— Work to be completed —
For the data below, restate word for word only the lines from the line containing "foldr (fun k" through the line containing "H2 [H1, H2]. *)", both ends included.

— Data for processing —
----
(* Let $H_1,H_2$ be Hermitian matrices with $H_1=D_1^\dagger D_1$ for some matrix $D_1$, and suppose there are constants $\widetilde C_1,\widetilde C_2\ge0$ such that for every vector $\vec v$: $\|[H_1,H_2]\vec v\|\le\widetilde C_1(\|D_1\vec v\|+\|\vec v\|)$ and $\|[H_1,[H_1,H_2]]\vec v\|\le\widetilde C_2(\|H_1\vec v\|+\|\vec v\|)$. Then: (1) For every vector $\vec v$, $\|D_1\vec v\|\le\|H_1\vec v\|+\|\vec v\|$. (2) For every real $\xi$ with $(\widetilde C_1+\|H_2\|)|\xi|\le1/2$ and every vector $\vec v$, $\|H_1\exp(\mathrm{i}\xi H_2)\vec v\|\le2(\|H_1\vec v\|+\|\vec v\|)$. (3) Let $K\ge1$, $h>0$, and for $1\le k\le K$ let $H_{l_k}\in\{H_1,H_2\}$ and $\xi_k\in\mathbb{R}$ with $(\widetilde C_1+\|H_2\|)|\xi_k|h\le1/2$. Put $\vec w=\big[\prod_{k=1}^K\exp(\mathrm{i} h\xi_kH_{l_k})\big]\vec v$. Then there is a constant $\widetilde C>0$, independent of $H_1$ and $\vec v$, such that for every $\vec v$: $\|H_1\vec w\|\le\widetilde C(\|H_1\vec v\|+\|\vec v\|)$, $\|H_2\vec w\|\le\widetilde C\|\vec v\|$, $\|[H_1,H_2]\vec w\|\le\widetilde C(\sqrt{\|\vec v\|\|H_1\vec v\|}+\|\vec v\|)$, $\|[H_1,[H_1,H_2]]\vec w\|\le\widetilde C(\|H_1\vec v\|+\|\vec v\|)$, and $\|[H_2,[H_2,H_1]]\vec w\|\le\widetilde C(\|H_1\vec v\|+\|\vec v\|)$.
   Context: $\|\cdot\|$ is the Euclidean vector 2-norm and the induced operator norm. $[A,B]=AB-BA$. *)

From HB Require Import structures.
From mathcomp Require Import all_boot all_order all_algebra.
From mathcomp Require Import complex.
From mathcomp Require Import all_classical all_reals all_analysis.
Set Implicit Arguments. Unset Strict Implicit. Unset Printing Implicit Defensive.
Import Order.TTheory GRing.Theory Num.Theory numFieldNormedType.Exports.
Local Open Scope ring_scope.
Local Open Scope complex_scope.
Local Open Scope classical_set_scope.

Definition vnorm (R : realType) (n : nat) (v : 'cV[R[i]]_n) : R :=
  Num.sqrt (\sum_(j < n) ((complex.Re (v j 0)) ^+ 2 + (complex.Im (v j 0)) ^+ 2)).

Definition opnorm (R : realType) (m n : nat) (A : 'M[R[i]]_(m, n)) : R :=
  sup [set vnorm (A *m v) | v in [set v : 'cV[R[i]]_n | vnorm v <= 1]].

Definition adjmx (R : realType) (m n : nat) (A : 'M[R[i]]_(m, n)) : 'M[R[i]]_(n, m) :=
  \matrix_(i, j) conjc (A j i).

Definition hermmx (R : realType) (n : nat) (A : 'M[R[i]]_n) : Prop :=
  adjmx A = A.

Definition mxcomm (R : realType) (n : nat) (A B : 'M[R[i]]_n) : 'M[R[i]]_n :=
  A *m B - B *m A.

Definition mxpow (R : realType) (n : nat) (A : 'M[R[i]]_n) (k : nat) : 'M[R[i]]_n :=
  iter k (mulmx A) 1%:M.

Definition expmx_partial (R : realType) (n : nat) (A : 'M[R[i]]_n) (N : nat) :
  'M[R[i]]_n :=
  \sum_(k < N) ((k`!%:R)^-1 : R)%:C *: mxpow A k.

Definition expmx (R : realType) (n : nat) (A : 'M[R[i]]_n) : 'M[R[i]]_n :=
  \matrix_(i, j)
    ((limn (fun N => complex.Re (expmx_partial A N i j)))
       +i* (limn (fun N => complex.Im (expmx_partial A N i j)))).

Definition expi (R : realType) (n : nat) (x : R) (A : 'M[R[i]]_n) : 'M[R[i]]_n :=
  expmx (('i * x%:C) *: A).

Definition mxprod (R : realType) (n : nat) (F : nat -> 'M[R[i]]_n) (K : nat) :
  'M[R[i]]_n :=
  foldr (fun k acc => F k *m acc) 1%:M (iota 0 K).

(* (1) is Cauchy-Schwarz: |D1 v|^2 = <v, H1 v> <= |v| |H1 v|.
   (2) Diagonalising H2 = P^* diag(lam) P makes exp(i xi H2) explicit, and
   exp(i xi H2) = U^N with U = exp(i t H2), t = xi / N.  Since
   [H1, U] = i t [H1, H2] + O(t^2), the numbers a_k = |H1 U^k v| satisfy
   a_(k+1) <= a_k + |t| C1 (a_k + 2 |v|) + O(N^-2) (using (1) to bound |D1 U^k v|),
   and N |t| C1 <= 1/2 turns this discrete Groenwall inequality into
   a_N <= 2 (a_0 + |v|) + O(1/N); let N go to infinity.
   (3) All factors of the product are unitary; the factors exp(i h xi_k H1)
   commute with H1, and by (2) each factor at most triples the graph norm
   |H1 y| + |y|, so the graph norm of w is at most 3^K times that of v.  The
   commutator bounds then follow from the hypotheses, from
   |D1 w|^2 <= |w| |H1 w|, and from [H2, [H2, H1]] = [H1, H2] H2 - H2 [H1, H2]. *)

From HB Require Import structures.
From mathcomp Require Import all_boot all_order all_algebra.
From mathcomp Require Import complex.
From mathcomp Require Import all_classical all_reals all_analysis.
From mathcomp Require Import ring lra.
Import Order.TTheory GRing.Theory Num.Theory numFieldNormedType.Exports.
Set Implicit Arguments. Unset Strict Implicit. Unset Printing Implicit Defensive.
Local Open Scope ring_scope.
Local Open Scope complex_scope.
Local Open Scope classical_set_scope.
----
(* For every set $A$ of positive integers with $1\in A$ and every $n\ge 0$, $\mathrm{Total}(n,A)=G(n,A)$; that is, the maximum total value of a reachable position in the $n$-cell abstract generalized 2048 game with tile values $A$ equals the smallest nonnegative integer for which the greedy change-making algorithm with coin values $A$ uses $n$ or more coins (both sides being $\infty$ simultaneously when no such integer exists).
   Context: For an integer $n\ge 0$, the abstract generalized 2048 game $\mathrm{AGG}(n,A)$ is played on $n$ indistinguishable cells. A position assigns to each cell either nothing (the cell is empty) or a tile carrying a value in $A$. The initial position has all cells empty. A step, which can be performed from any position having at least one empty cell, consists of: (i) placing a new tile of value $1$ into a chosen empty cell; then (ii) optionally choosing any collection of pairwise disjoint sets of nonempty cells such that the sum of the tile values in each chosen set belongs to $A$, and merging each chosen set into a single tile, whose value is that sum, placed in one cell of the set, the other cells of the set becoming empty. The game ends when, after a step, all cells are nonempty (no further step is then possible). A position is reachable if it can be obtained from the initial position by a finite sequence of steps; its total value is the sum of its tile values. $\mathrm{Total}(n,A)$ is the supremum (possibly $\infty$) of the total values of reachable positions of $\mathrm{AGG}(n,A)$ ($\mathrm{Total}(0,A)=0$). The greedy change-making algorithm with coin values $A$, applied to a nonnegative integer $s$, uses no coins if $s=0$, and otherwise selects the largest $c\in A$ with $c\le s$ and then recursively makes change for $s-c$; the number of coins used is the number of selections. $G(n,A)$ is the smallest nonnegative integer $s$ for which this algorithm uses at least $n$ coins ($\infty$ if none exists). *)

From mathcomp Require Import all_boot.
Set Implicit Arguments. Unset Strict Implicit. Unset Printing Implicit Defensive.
----
— Finished task —
  foldr (fun k acc => F k *m acc) 1%:M (iota 0 K).

(* (1) is Cauchy-Schwarz: |D1 v|^2 = <v, H1 v> <= |v| |H1 v|.
   (2) Diagonalising H2 = P^* diag(lam) P makes exp(i xi H2) explicit, and
   exp(i xi H2) = U^N with U = exp(i t H2), t = xi / N.  Since
   [H1, U] = i t [H1, H2] + O(t^2), the numbers a_k = |H1 U^k v| satisfy
   a_(k+1) <= a_k + |t| C1 (a_k + 2 |v|) + O(N^-2) (using (1) to bound |D1 U^k v|),
   and N |t| C1 <= 1/2 turns this discrete Groenwall inequality into
   a_N <= 2 (a_0 + |v|) + O(1/N); let N go to infinity.
   (3) All factors of the product are unitary; the factors exp(i h xi_k H1)
   commute with H1, and by (2) each factor at most triples the graph norm
   |H1 y| + |y|, so the graph norm of w is at most 3^K times that of v.  The
   commutator bounds then follow from the hypotheses, from
   |D1 w|^2 <= |w| |H1 w|, and from [H2, [H2, H1]] = [H1, H2] H2 - H2 [H1, H2]. *)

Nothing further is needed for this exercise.